Lancement de la pensée | Le 27 octobre 2024 |
Les précurseurs : les lanceurs de pensée | Marc Ballanfat |
Le film « Silence » de Martin Scorsese reçoit en 2016 un accueil embarrassé de la part des spécialistes qui s’interrogent sur le message du réalisateur. Ils se demandent, en particulier, comment interpréter l’échec de la conversion du Japon au catholicisme. Est-ce une erreur de communication de la part des jésuites ou bien une manifestation violente du particularisme culturel nippon ? Une mauvaise gestion politique des contacts avec le Shogunat ou bien la naïveté d’une approche missionnaire ? Sans vouloir apporter une réponse à ces brûlantes questions, on peut repartir de la fin du film, au moment où le père jésuite Rodrigues, figure du catholicisme intransigeant et missionnaire, constate avec amertume l’échec de sa mission, et se confie à l’apostat Ferreira, converti au bouddhisme, afin de comprendre pourquoi il est impossible de faire résonner la parole de Dieu dans les âmes nipponnes.
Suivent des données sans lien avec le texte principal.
(* Let $G$ be a connected graph with $N$ vertices and maximum degree $\Delta$, let $k,R$ be positive integers with $N>2k(\Delta^{4R}+1)$, and let $H$ be a $k$-local operator (not necessarily Hermitian) of range at most $R$ on the qubits at the vertices of $G$. If $H|W^p\rangle=E_p|W^p\rangle$ with $E_p\in\mathbb{C}$ for all $p\in\{0,1,\dots,N\}$, then there exist constants $\Omega,\omega\in\mathbb{C}$ with $E_p=\Omega+\omega p$ for all $p\in\{0,1,\dots,N\}$.
   Context: System of $N$ qubits on the vertices of a graph $G$ with local basis $|0\rangle,|1\rangle$. For each vertex $i$, $s_i^\dagger$ acts on $i$ as $s^\dagger|0\rangle=|1\rangle$, $s^\dagger|1\rangle=0$, $s_i=(s_i^\dagger)^\dagger$; $|\overline 0\rangle=|0\rangle^{\otimes N}$. Distances are graph distances. Every operator has a unique expansion in normal-ordered strings $s^\dagger_{j_1}\cdots s^\dagger_{j_n}s_{k_1}\cdots s_{k_m}$ (the $j$'s pairwise distinct, the $k$'s pairwise distinct, overlaps allowed), whose sites are $\{j_1,\dots,j_n,k_1,\dots,k_m\}$. A string has range $R$, where $R$ is the smallest positive integer with all pairwise distances between its sites $<R$; an operator has range at most $R$ if every string with nonzero coefficient has range at most $R$, and is $k$-local if every such string involves at most $k$ distinct sites. $S^\dagger=\sum_i s_i^\dagger$ and $|W^p\rangle$ is the normalization of $(S^\dagger)^p|\overline 0\rangle$ for $p=0,\dots,N$. *)

From HB Require Import structures.
From mathcomp Require Import all_boot all_order all_algebra fingraph.
From mathcomp Require Import reals complex.
Set Implicit Arguments. Unset Strict Implicit. Unset Printing Implicit Defensive.
Import Order.TTheory GRing.Theory Num.Theory.
Local Open Scope ring_scope.

Section Defs.
Variable V : finType.

Definition simple_graph (e : rel V) := symmetric e /\ irreflexive e.
Definition connected_graph (e : rel V) := forall i j : V, connect e i j.
Definition max_degree (e : rel V) : nat := \max_(i : V) #|[set j | e i j]|.

Definition walk_of_length (e : rel V) (n : nat) (i j : V) : bool :=
  [exists p : n.-tuple V, path e i p && (last i p == j)].

(* graph distance: the least n with a walk of length n from i to j
   (defaults to #|V| if none, which cannot happen in a connected graph) *)
Definition gdist (e : rel V) (i j : V) : nat :=
  find (fun n => walk_of_length e n i j) (iota 0 #|V|).

(* the smallest positive integer R with all pairwise distances of the sites < R *)
Definition str_range (e : rel V) (S : {set V}) : nat :=
  (\max_(i in S) \max_(j in S) gdist e i j).+1.

Variable C : nzRingType.

(* basis |x>, x : {set V} the set of sites in state |1> *)
Definition state := {set V} -> C.

Definition ket0 : state := fun x => if x == set0 then 1 else 0.

Definition sdag (i : V) (v : state) : state :=
  fun x => if i \in x then v (x :\ i) else 0.
Definition sann (i : V) (v : state) : state :=
  fun x => if i \in x then 0 else v (i |: x).

(* normal-ordered string s^dag_{j1}...s^dag_{jn} s_{k1}...s_{km}
   with {j..} = J, {k..} = K *)
Definition nstring (J K : {set V}) (v : state) : state :=
  foldr sdag (foldr sann v (enum K)) (enum J).

Definition Sdag (v : state) : state := fun x => \sum_(i : V) sdag i v x.

Definition klocal_range (e : rel V) (k R : nat) (H : state -> state) : Prop :=
  exists c : {set V} -> {set V} -> C,
    (forall J K, c J K != 0 -> (#|J :|: K| <= k)%N /\ (str_range e (J :|: K) <= R)%N) /\
    (forall v x, H v x = \sum_(J : {set V}) \sum_(K : {set V}) c J K * nstring J K v x).

End Defs.

Definition Wstate (R : realType) (V : finType) (p : nat) : state V R[i] :=
  let v := iter p (@Sdag V R[i]) (@ket0 V R[i]) in
  fun x => (sqrtC (\sum_(y : {set V}) `|v y| ^+ 2))^-1 * v x.

(* Both |W^p> and the eigenvalue equation only see Hamming weights: |W^p> is a
   nonzero multiple of the indicator of the configurations of weight p.  Reading
   the equation H|W^p> = E_p|W^p> at a configuration x therefore gives
   f(x) = E_|x|, where f(x) sums the coefficients of the particle-conserving
   strings that act nontrivially at x.  Since N is large compared with the size
   of balls of radius R, there are two sites a, b at distance at least R, and no
   string of H touches both.  Hence f is additive in a and b separately:
   f(z+a+b) + f(z) = f(z+a) + f(z+b) for every z avoiding a and b.  Taking
   |z| = p gives E_(p+2) + E_p = 2 E_(p+1), so E_p is affine in p. *)
From HB Require Import structures.
From mathcomp Require Import all_boot all_order all_algebra fingraph.
From mathcomp Require Import reals complex.
From mathcomp Require Import ring zify.
Import Order.TTheory GRing.Theory Num.Theory.
Set Implicit Arguments. Unset Strict Implicit. Unset Printing Implicit Defensive.
Local Open Scope ring_scope.

Lemma subset_of_card (T : finType) (A : {set T}) p : (p <= #|A|)%N ->
  exists2 z : {set T}, z \subset A & #|z| = p.
Proof.
move=> hp; exists [set t in take p (enum A)].
  by apply/subsetP => t; rewrite inE => /mem_take; rewrite mem_enum.
rewrite cardsE (card_uniqP _); last by rewrite take_uniq ?enum_uniq.
by rewrite size_take -cardE; case: ltngtP hp => // ->.
Qed.

Section NormalOrderedStrings.
Variables (V : finType) (C : nzRingType).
Le dialogue qui s’instaure alors entre les deux religieux donne l’occasion idéale à Scorsese de faire entendre un message philosophique d’une grande profondeur.
Dans le face à face qui s’installe entre les deux hommes, le moine bouddhiste Sawano Chûan (alias Ferreira) enseigne avec la plus grande bienveillance à s’orienter graduellement vers le seul principe qui sépare à tout jamais la civilisation nipponne de l’Occident. Ce principe, « immanence », résonne longtemps dans l’atmosphère méditative qui entoure cette scène. Aucun autre concept ne dit autant que celui-là, pour deux raisons. La première est qu’il se trouve au centre du prêche bouddhique que le moine adresse au jésuite ; la seconde réside dans la teneur même du concept. Toutes les paroles du moine, en effet, convergent vers le mot « immanence » comme vers le foyer secret de la culture du pays où se lève le soleil. Le concept signifie que le monde resplendit à l’aurore dans la lumière de l’immanence, où tous les êtres demeurent, où toute chose prend appui, où s’effacent les limites entre les vivants. De l’être viennent les êtres, à l’être ils retournent, parce qu’il n’y a rien d’autre que l’être. Il s’ensuit que l’être est permanence, infinité, omniprésence, ce dont Rodriguez doit se convaincre intimement s’il désire accéder à l’immanence.
Mais cela signifie aussi que la transcendance se vide de tout sens, parce qu’il n’existe aucun être au-delà de l’être, parce que rien ne transcende ce qui est. L’affirmation de l’immanence s’accompagne d’un refus de tout au-delà, donc d’une négation de ces « arrière-mondes » dont parle Nietzsche. Même le Dieu du christianisme, l’être suprême, demeure nécessairement dans l’être pour être « l’être suprême ». Le sens littéral du latin immanere, « rester dans », ne dit pas autre chose puisqu’il conduit à reconnaître que le monde, pour être, reste dans l’être. Cela exclut forcément l’idée d’une cause extérieure au monde, d’un Créateur du monde, comme dans les religions monothéistes, car l’être d’où tout procède est intérieur à chaque être, qu’il anime, guide, protège.
L’immanence signe l’absolue appartenance du monde à l’être qui lui donne vie, qu’il soit divin ou non, qu’il se nomme « Shiva » ou « Tao » ou « Conscience ». Ces trois noms renvoient aux trois grandes civilisations de l’immanence, l’Inde, la Chine et le Japon. Dans la répartition géopolitique des religions, on voit ici comment l’Orient de la pensée humaine doit composer avec son Occident, comme si l’humanité, entre le lever du soleil et son coucher, embrassait l’ensemble des positions philosophiques qui lui semblent dignes de compréhension. D’où la nécessaire relativisation des oppositions frontales, des désaccords, des guerres idéologiques qui traversent l’histoire des relations entre Orient et Occident. Aucune des deux positions n’est supérieure à l’autre, aucune ne détient la vérité absolue. Cela permettrait aussi, si l’on acceptait ce partage, de comprendre que la vérité se trouve entre immanence et transcendance, dans le pli infime qui se forme entre le plan horizontal de l’immanence et la verticalité de la transcendance, à la jointure des deux axes, point infinitésimal de la pensée humaine.